## Action item:
Reproduce only the stretch of entries below that begins at the first line and ends at the line holding "Context: $|A|$ denotes".

## Record excerpts:
(* Let $n\geq 2$, let $A\in\mathbb{R}^{n\times n}$ be a symmetric matrix and $e\in\mathbb{R}^n$ a vector. Then $$|e|^4|A|^2\geq 2|e|^2|Ae|^2+\frac{\big(|e|^2\operatorname{tr}(A)-\langle e,Ae\rangle\big)^2}{n-1}-\langle e,Ae\rangle^2.$$ If $n=2$, equality holds.
   Context: $|A|$ denotes the Hilbert–Schmidt (Frobenius) norm of $A$, $|A|^2=\operatorname{tr}(A^\intercal A)$. *)

From mathcomp Require Import all_boot all_order all_algebra.
From mathcomp Require Import reals.
Set Implicit Arguments. Unset Strict Implicit. Unset Printing Implicit Defensive.
Import Order.TTheory GRing.Theory Num.Theory.
Local Open Scope ring_scope.

Definition dotv (R : realType) (n : nat) (u v : 'cV[R]_n) : R :=
  \sum_(i < n) u i 0 * v i 0.

Definition sqnormv (R : realType) (n : nat) (u : 'cV[R]_n) : R := dotv u u.

Definition sqnormHS (R : realType) (n : nat) (A : 'M[R]_n) : R := \tr (A^T *m A).

From mathcomp Require Import all_boot all_order all_algebra.
From mathcomp Require Import reals.
From mathcomp Require Import ring lra.
Set Implicit Arguments. Unset Strict Implicit. Unset Printing Implicit Defensive.
Import Order.TTheory GRing.Theory Num.Theory.
Local Open Scope ring_scope.

(* Let P = |e|^2 I - e e^T, i.e. |e|^2 times the projection onto e^perp.  Since
   P^2 = |e|^2 P and tr P = (n - 1) |e|^2, the Cauchy-Schwarz inequality for the
   Hilbert-Schmidt inner product, applied to P and P A P, reduces to
   tr(P A P)^2 <= (n - 1) |P A P|^2.  Expanding tr(P A P) = |e|^2 (|e|^2 tr A - <e, Ae>)
   and |P A P|^2 = |e|^4 tr(P A P A) gives the inequality.  For n = 2 the range of
   P is a line, so P A P is a multiple of P and Cauchy-Schwarz is an equality;
   there the identity is checked by expanding entries. *)

Lemma quadratic_ge0_discriminant (R : realFieldType) (a b c : R) :
  0 <= a -> (forall t, 0 <= a * t ^+ 2 - 2 * b * t + c) -> b ^+ 2 <= a * c.
Proof.
move=> a_ge0 q_ge0; pose p := Poly [:: c; - (2 * b); a].
have := @deg_le2_poly_delta_ge0 R p (size_Poly _).
rewrite !coef_Poly /= => /(_ a_ge0) delta_le0.
suff : (- (2 * b)) ^+ 2 - 4 * a * c <= 0 by nra.
apply: delta_le0 => t; rewrite /p !horner_Poly /=.
by have -> : ((0 * t + a) * t - 2 * b) * t + c = a * t ^+ 2 - 2 * b * t + c by ring.
Qed.

Lemma mxtrace_trmx_mul_ge0 (R : realDomainType) (m n : nat) (X : 'M[R]_(m, n)) :
  0 <= \tr (X^T *m X).
Proof.
apply: sumr_ge0 => i _; rewrite mxE; apply: sumr_ge0 => j _.
by rewrite mxE -expr2 sqr_ge0.
Qed.

Lemma mxtrace_CauchySchwarz (R : realFieldType) (m n : nat) (X Y : 'M[R]_(m, n)) :
  \tr (X^T *m Y) ^+ 2 <= \tr (Y^T *m Y) * \tr (X^T *m X).
Proof.
apply: quadratic_ge0_discriminant => [|t]; first exact: mxtrace_trmx_mul_ge0.
have trYX : \tr (Y^T *m X) = \tr (X^T *m Y) by rewrite -mxtrace_tr trmx_mul trmxK.
have := mxtrace_trmx_mul_ge0 (X - t *: Y).
rewrite [(X - _)^T]linearB /= linearZ /= mulmxBl !mulmxBr -!scalemxAl -!scalemxAr.
rewrite !raddfB /= !mxtraceZ trYX; lra.
Qed.

Section DotProduct.
Variables (R : realType) (n : nat).
Implicit Types (u v : 'cV[R]_n) (B : 'M[R]_n).

Lemma dotvE u v : dotv u v = (u^T *m v) 0 0.
Proof. by rewrite /dotv mxE; apply: eq_bigr => i _; rewrite mxE. Qed.

Lemma trmx_mul_dotv u v : u^T *m v = (dotv u v)%:M.
Proof. by rewrite [LHS]mx11_scalar dotvE. Qed.

Lemma dotv_mulmxr u v B : dotv u (B *m v) = dotv (B^T *m u) v.
Proof. by rewrite !dotvE trmx_mul trmxK mulmxA. Qed.

Lemma mxtrace_outer_mul u v B : \tr (u *m v^T *m B) = dotv v (B *m u).
Proof. by rewrite -mulmxA mxtrace_mulC -mulmxA trmx_mul_dotv mxtrace_scalar. Qed.

Lemma dotv0l v : dotv 0 v = 0.
Proof. by rewrite /dotv big1 // => i _; rewrite mxE mul0r. Qed.

Lemma sqnormv_eq0 u : (sqnormv u == 0) = (u == 0).
Proof.
apply/eqP/eqP => [u0|->]; last exact: dotv0l.
apply/matrixP => i j; rewrite ord1 mxE; apply/eqP; rewrite -sqrf_eq0 expr2; apply/eqP.
by apply: (psumr_eq0P _ u0) => // k _; rewrite -expr2 sqr_ge0.
Qed.

End DotProduct.

(* The factor |e|^2 keeps every identity below free of division by |e|^2. *)
Definition oproj (R : realType) (n : nat) (e : 'cV[R]_n) : 'M[R]_n :=
  (sqnormv e)%:M - e *m e^T.

Section OrthogonalProjection.
Variables (R : realType) (n : nat) (e : 'cV[R]_n).
Implicit Types B : 'M[R]_n.
Local Notation s := (sqnormv e).
Local Notation P := (oproj e).

Lemma trmx_oproj : P^T = P.
Proof. by rewrite /oproj linearB /= tr_scalar_mx trmx_mul trmxK. Qed.

Lemma oproj_sqr : P *m P = s *: P.
Proof.
rewrite /oproj mulmxBl !mulmxBr !mul_scalar_mx mul_mx_scalar.
rewrite mulmxA -(mulmxA e) trmx_mul_dotv mul_mx_scalar -scalemxAl.
by rewrite subrr subr0 scalerBr scale_scalar_mx.
Qed.

Lemma mxtrace_oproj_mul B : \tr (P *m B) = s * \tr B - dotv e (B *m e).
Proof. by rewrite /oproj mulmxBl raddfB /= mul_scalar_mx mxtraceZ mxtrace_outer_mul. Qed.

Lemma mxtrace_oproj : \tr P = s * (n%:R - 1).
Proof. by rewrite -[P]mulmx1 mxtrace_oproj_mul mxtrace1 mul1mx mulrBr mulr1. Qed.

Lemma sqnormHS_oproj : \tr (P^T *m P) = s ^+ 2 * (n%:R - 1).
Proof. by rewrite trmx_oproj oproj_sqr mxtraceZ mxtrace_oproj mulrA expr2. Qed.

Lemma mxtrace_oproj_compress B : \tr (P^T *m (P *m B *m P)) = s ^+ 2 * \tr (P *m B).
Proof.
rewrite trmx_oproj !mulmxA oproj_sqr -!scalemxAl mxtraceZ mxtrace_mulC.
by rewrite mulmxA oproj_sqr -scalemxAl mxtraceZ mulrA expr2.
Qed.

Lemma sqnormHS_oproj_compress B :
  \tr ((P *m B *m P)^T *m (P *m B *m P)) = s ^+ 2 * \tr (P *m B^T *m P *m B).
Proof.
rewrite !trmx_mul trmx_oproj !mulmxA -(mulmxA _ P P) oproj_sqr -scalemxAr.
rewrite -!scalemxAl mxtraceZ mxtrace_mulC !mulmxA oproj_sqr -!scalemxAl mxtraceZ.
by rewrite mulrA expr2.
Qed.

Lemma mxtrace_oproj_mul_sqr B : B^T = B ->
  \tr (P *m B *m P *m B) =
  s ^+ 2 * \tr (B^T *m B) - 2 * s * sqnormv (B *m e) + dotv e (B *m e) ^+ 2.
Proof.
move=> symB; have PB : P *m B = s *: B - e *m e^T *m B.
  by rewrite /oproj mulmxBl mul_scalar_mx.
have EBE : e *m e^T *m B *m (e *m e^T) = dotv e (B *m e) *: (e *m e^T).
  rewrite !mulmxA -(mulmxA (e *m e^T)) -(mulmxA e) trmx_mul_dotv.
  by rewrite mul_mx_scalar -scalemxAl.
have eBBe : dotv e (B *m B *m e) = sqnormv (B *m e).
  by rewrite -mulmxA dotv_mulmxr symB.
rewrite -mulmxA PB mulmxBl !mulmxBr !raddfB /= -!scalemxAl -!scalemxAr !mxtraceZ.
rewrite [\tr (B *m (e *m _ *m _))]mxtrace_mulC [_ *m (e *m e^T *m B)]mulmxA EBE.
rewrite -scalemxAl mxtraceZ.
rewrite -[e *m e^T *m B *m B]mulmxA !mxtrace_outer_mul eBBe symB; ring.
Qed.

End OrthogonalProjection.

Lemma sqr_mxtrace_oproj_mul_le (R : realType) (n : nat) (A : 'M[R]_n) (e : 'cV[R]_n) :
  A^T = A ->
  (sqnormv e * \tr A - dotv e (A *m e)) ^+ 2 <=
  (n%:R - 1) * (sqnormv e ^+ 2 * sqnormHS A - 2 * sqnormv e * sqnormv (A *m e)
                + dotv e (A *m e) ^+ 2).
Proof.
move=> symA; have [/eqP|s_neq0] := eqVneq (sqnormv e) 0.
  rewrite sqnormv_eq0 => /eqP->.
  by rewrite mulmx0 /sqnormv !dotv0l; nra.
have := mxtrace_CauchySchwarz (oproj e) (oproj e *m A *m oproj e).
rewrite mxtrace_oproj_compress sqnormHS_oproj sqnormHS_oproj_compress symA.
rewrite mxtrace_oproj_mul mxtrace_oproj_mul_sqr // -/(sqnormHS A) => CS.
have s4_gt0 : 0 < sqnormv e ^+ 4 by rewrite exprn_even_gt0.
rewrite -(ler_pM2l s4_gt0); lra.
Qed.

Lemma sqnormHS_sym_dim2 (R : realType) (A : 'M[R]_2) (e : 'cV[R]_2) : A^T = A ->
  sqnormv e ^+ 2 * sqnormHS A =
  2 * sqnormv e * sqnormv (A *m e) + (sqnormv e * \tr A - dotv e (A *m e)) ^+ 2
  - dotv e (A *m e) ^+ 2.
Proof.
move=> /matrixP/(_ ord0 (lift ord0 ord0)); rewrite mxE => symA.
rewrite /sqnormHS /sqnormv /dotv /mxtrace !(mxE, big_ord_recl, big_ord0) -symA.
ring.
Qed.

Theorem lemma2p1 (R : realType) (n : nat) (hn : (2 <= n)%N)
    (A : 'M[R]_n) (e : 'cV[R]_n) (hA : A^T = A) :
  let eAe := dotv e (A *m e) in
  (sqnormv e) ^+ 2 * sqnormHS A >=
    2 * sqnormv e * sqnormv (A *m e)
    + (sqnormv e * \tr A - eAe) ^+ 2 / (n%:R - 1)
    - eAe ^+ 2
  /\ (n = 2%N ->
    (sqnormv e) ^+ 2 * sqnormHS A =
    2 * sqnormv e * sqnormv (A *m e)
    + (sqnormv e * \tr A - eAe) ^+ 2 / (n%:R - 1)
    - eAe ^+ 2).
Proof.
rewrite /=; split=> [|n2].
  have n1_gt0 : 0 < n%:R - 1 :> R by rewrite subr_gt0 ltr1n.
  by have := sqr_mxtrace_oproj_mul_le e hA; rewrite -ler_pdivrMl //; lra.
by subst n; rewrite -[2%:R]/(1 + 1 : R) addrK divr1 sqnormHS_sym_dim2.
Qed.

## Answer for the task:
(* Let $n\geq 2$, let $A\in\mathbb{R}^{n\times n}$ be a symmetric matrix and $e\in\mathbb{R}^n$ a vector. Then $$|e|^4|A|^2\geq 2|e|^2|Ae|^2+\frac{\big(|e|^2\operatorname{tr}(A)-\langle e,Ae\rangle\big)^2}{n-1}-\langle e,Ae\rangle^2.$$ If $n=2$, equality holds.
   Context: $|A|$ denotes the Hilbert–Schmidt (Frobenius) norm of $A$, $|A|^2=\operatorname{tr}(A^\intercal A)$. *)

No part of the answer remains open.